Results: Cortical thickness and surface area were calculated according to the matrix with 154 gyrus and sulcus per subject and 74 areas per subject. White matter fibers' numbers of ROI and its FA were analyzed with 84 regions and 1 million seeds per subject. Compared with the TD group, children with ASD demonstrated significant increases (P<0.01) in cortical thickness were mainly found in Ggyrus and Sulcus of Occipital_Inf_Left (TD: mean value, 2.463±0.243 [standard deviation] vs ASD: 2.663±0.178), Sulcus of Circular_Insula_Ant_Left (2.985±0.164 vs 3.161±0.227), Sulcus of Circular_Insula_Inf_Left (3.052±0.186 vs 3.225±0.196), Sulcus of Temporal_Sup_Left (2.760±0.090 vs 2.880±0.161), Ggyrus and Sulcus of Cingul-Mid-Post_Right (3.028±0.151 vs 3.197±0.216) and Pole_Occipital_Right (2.150±0.167 vs 2.309±0.184). Cortical surface area was measured as the area of triangles surrounding a vertex along the white matter interface. There is no significant various between the two groups different areas (P>0.01) (Figure 1-3). Compared with the TD group, children with ASD demonstrated significant decreases (P<0.01) of ROI FA were mainly found in Frontal_Sup_Right (0.436±0.015 vs 0.420±0.021), Frontal_Mid_Left (0.394±0.019 vs 0.377±0.020), Frontal_Mid_Orb_Left (0.403±0.025 vs 0.382±0.025), Frontal_Inf_Orb_Left (0.397±0.024 vs 0.375±0.022), Hippocampus_Right (0.445±0.023 vs 0.420±0.032), Occipital_Inf_Right (0.410±0.031 vs 0.377±0.029), SupraMarginal_Right (0.407±0.015 vs 0.391±0.017) and Precuneus_Left (0.478±0.027 vs 0.455±0.027). Significant increases (P<0.01) of ROI were found in Frontal_Inf_Oper_Right (8690.048±1525.368 vs 10342.429±2231.816) (Figure 1, Figure 4-5).
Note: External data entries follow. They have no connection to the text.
(* For every SaSTL formula $\varphi$ (as defined in the context), every spatio-temporal signal $\omega$, every time $t\in\mathbb{T}$ and every location $l\in L$: \[ \rho(\varphi,\omega,t,l)>0 \;\Longrightarrow\; (\omega,t,l)\models\varphi, \qquad \rho(\varphi,\omega,t,l)<0 \;\Longrightarrow\; (\omega,t,l)\not\models\varphi . \]
   Context: Time domain $\mathbb{T}=\mathbb{R}_{\ge 0}$. $L$ is a finite nonempty set of locations. $G=(L,E,\eta)$ is a weighted undirected graph with edge weights $\eta:E\to\mathbb{R}_{\ge0}$; the distance $d(l,l')$ is the minimum, over all paths $\sigma$ between $l$ and $l'$, of $\sum_{e\in\sigma}\eta(e)$ (and $+\infty$ if there is no path). $X=\{x_1,\dots,x_n\}$ is a set of signal variables. A spatio-temporal signal is a function $\omega:\mathbb{T}\times L\to\mathbb{R}^n$; $\pi_{x}(\omega)[t,l]\in\mathbb{R}$ denotes its component for variable $x\in X$ at time $t$ and location $l$. $P$ is a finite set of propositions and $\mathcal{L}:L\to 2^P$ a labeling. Location formulas are $\psi::=\top\mid p\mid\neg\psi\mid\psi\vee\psi$ ($p\in P$), with $\mathcal{L}(l)\models\psi$ defined in the usual propositional way. A spatial domain is $\mathcal{D}=([d_1,d_2],\psi)$ with $0\le d_1\le d_2\le+\infty$. For $l\in L$ let $L^l_{\mathcal{D}}=\{l'\in L: d_1\le d(l,l')\le d_2,\ \mathcal{L}(l')\models\psi\}$. Standing assumption: for every spatial domain $\mathcal{D}$ occurring in the formula and every $l\in L$, $L^l_{\mathcal{D}}\neq\emptyset$. Let $\alpha^x_{\mathcal{D}}(\omega,t,l)$ be the (nonempty, finite) multiset $\{\pi_x(\omega)[t,l'] : l'\in L^l_{\mathcal{D}}\}$, and for $\mathrm{op}\in\{\max,\min,\mathrm{sum},\mathrm{avg}\}$ let $\mathrm{op}(\cdot)$ be its maximum, minimum, sum, or arithmetic mean. SaSTL syntax: $\varphi::= x>c \mid \neg\varphi\mid \varphi_1\wedge\varphi_2\mid\varphi_1\vee\varphi_2\mid \varphi_1\,\mathcal{U}_I\,\varphi_2\mid \mathcal{A}^{\mathrm{op}}_{\mathcal{D}}x>c\mid \mathcal{C}^{\mathrm{op}}_{\mathcal{D}}\varphi>c$, where $x\in X$, $c\in\mathbb{R}$, $I\subseteq\mathbb{R}_{>0}$ is a nonempty interval, $\mathrm{op}\in\{\max,\min,\mathrm{sum},\mathrm{avg}\}$. For counting formulas $\mathcal{C}^{\mathrm{op}}_{\mathcal{D}}\varphi>c$ it is assumed that $0\le c<1$ if $\mathrm{op}\in\{\max,\min,\mathrm{avg}\}$ and $0\le c<|L^l_{\mathcal{D}}|$ for all $l\in L$ if $\mathrm{op}=\mathrm{sum}$. Boolean semantics: $(\omega,t,l)\models x>c$ iff $\pi_x(\omega)[t,l]>c$; $\neg,\wedge,\vee$ as usual; $(\omega,t,l)\models\varphi_1\mathcal{U}_I\varphi_2$ iff there is $t'\in(t+I)\cap\mathbb{T}$ with $(\omega,t',l)\models\varphi_2$ and $(\omega,t'',l)\models\varphi_1$ for all $t''\in(t,t')$ (open interval); $(\omega,t,l)\models\mathcal{A}^{\mathrm{op}}_{\mathcal{D}}x>c$ iff $\mathrm{op}(\alpha^x_{\mathcal{D}}(\omega,t,l))>c$; $(\omega,t,l)\models\mathcal{C}^{\mathrm{op}}_{\mathcal{D}}\varphi>c$ iff $\mathrm{op}(\{g(l'):l'\in L^l_{\mathcal{D}}\})>c$ (multiset), where $g(l')=1$ if $(\omega,t,l')\models\varphi$ and $g(l')=0$ otherwise. Quantitative semantics (robustness, values in $\mathbb{R}\cup\{\pm\infty\}$, with $\inf\emptyset=+\infty$): $\rho(x>c,\omega,t,l)=\pi_x(\omega)[t,l]-c$; $\rho(\neg\varphi)=-\rho(\varphi)$; $\rho(\varphi_1\wedge\varphi_2)=\min\{\rho(\varphi_1),\rho(\varphi_2)\}$; $\rho(\varphi_1\vee\varphi_2)=\max\{\rho(\varphi_1),\rho(\varphi_2)\}$ (all at the same $\omega,t,l$); $\rho(\varphi_1\mathcal{U}_I\varphi_2,\omega,t,l)=\sup_{t'\in(t+I)\cap\mathbb{T}}\min\{\rho(\varphi_2,\omega,t',l),\ \inf_{t''\in(t,t')}\rho(\varphi_1,\omega,t'',l)\}$; $\rho(\mathcal{A}^{\mathrm{sum}}_{\mathcal{D}}x>c,\omega,t,l)=\big(\mathrm{sum}(\alpha^x_{\mathcal{D}}(\omega,t,l))-c\big)/|\alpha^x_{\mathcal{D}}(\omega,t,l)|$ and $\rho(\mathcal{A}^{\mathrm{op}}_{\mathcal{D}}x>c,\omega,t,l)=\mathrm{op}(\alpha^x_{\mathcal{D}}(\omega,t,l))-c$ for $\mathrm{op}\in\{\max,\min,\mathrm{avg}\}$. For counting, let $R=\{\rho(\varphi,\omega,t,l'):l'\in L^l_{\mathcal{D}}\}$ (multiset) and let $\delta(k,R)$ denote the $k$-th largest element of $R$ counted with multiplicity; then $\rho(\mathcal{C}^{\max}_{\mathcal{D}}\varphi>c)=\max R$, $\rho(\mathcal{C}^{\min}_{\mathcal{D}}\varphi>c)=\min R$, $\rho(\mathcal{C}^{\mathrm{sum}}_{\mathcal{D}}\varphi>c)=\delta(\lfloor c\rfloor+1,R)$, $\rho(\mathcal{C}^{\mathrm{avg}}_{\mathcal{D}}\varphi>c)=\delta(\lfloor c\,|L^l_{\mathcal{D}}|\rfloor+1,R)$. *)

From HB Require Import structures.
From mathcomp Require Import all_boot all_order all_algebra.
From mathcomp Require Import all_classical all_reals.
From mathcomp Require Import ereal.
Set Implicit Arguments. Unset Strict Implicit. Unset Printing Implicit Defensive.
Import Order.TTheory GRing.Theory Num.Theory.
Local Open Scope ring_scope.
Local Open Scope classical_set_scope.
Conclusions: Cortical thickness increases were observed in ASD[1], which was also seen in 6 areas of this study. That would be related to neuronal or synaptic density, and affect children's neuron development. ASD toddlers displayed abnormal age-related changes with FA and had an overall slower than typical apparent rate of continued development across the span of years[5]. Then FA was lower in the 14.4±3.4 years old ASD[6], which was also seen in 8 brain areas of preschool ASD children in this study. The present study aimed to localize brain abnormalities in preschool-age children with ASD, uncover the molecular mechanisms underlying the stereotyped behaviors observed in ASD children, and illustrate the importance of structural MRI and DTI assessments in the treatment of ASD. Structural MRI and DTI have emerged as the methods to noninvasively measure white matter microstructure in a real time throughout children's life span. In future research, our group will improve the speed and method applied for ASD assessments in larger samples.

Acknowledgements

Financial support was received from Capital's Funds for Health Improvement and Research (CFH2018-2-5012), Translational Medicine Project of PLA General Hospital 2016 (2016TM-001), and Medical Big Data Research and Development Project of PLA General Hospital (2017MBD-003).

References

[1] Hong SJ, Valk SL, Di Martino A, Milham MP, Bernhardt BC. 2018. Multidimensional neuroanatomical subtyping of autism spectrum disorder. Cerebral cortex (New York, NY : 1991). 28(10):3578-3588.

[2] Maier-Hein KH, Neher PF, Houde JC, Cote MA, Garyfallidis E, Zhong J, Chamberland M, Yeh FC, Lin YC, Ji Q et al. 2017. The challenge of mapping the human connectome based on diffusion tractography. Nature communications. 8(1):1349.

[3] la Fougere C, Grant S, Kostikov A, Schirrmacher R, Gravel P, Schipper HM, Reader A, Evans A, Thiel A. 2011. Where in-vivo imaging meets cytoarchitectonics: The relationship between cortical thickness and neuronal density measured with high-resolution [18f] flumazenil-pet. Neuroimage. 56(3):951-960.

[4] Yeh FC, Badre D, Verstynen T. 2016. Connectometry: A statistical approach harnessing the analytical potential of the local connectome. Neuroimage. 125:162-171.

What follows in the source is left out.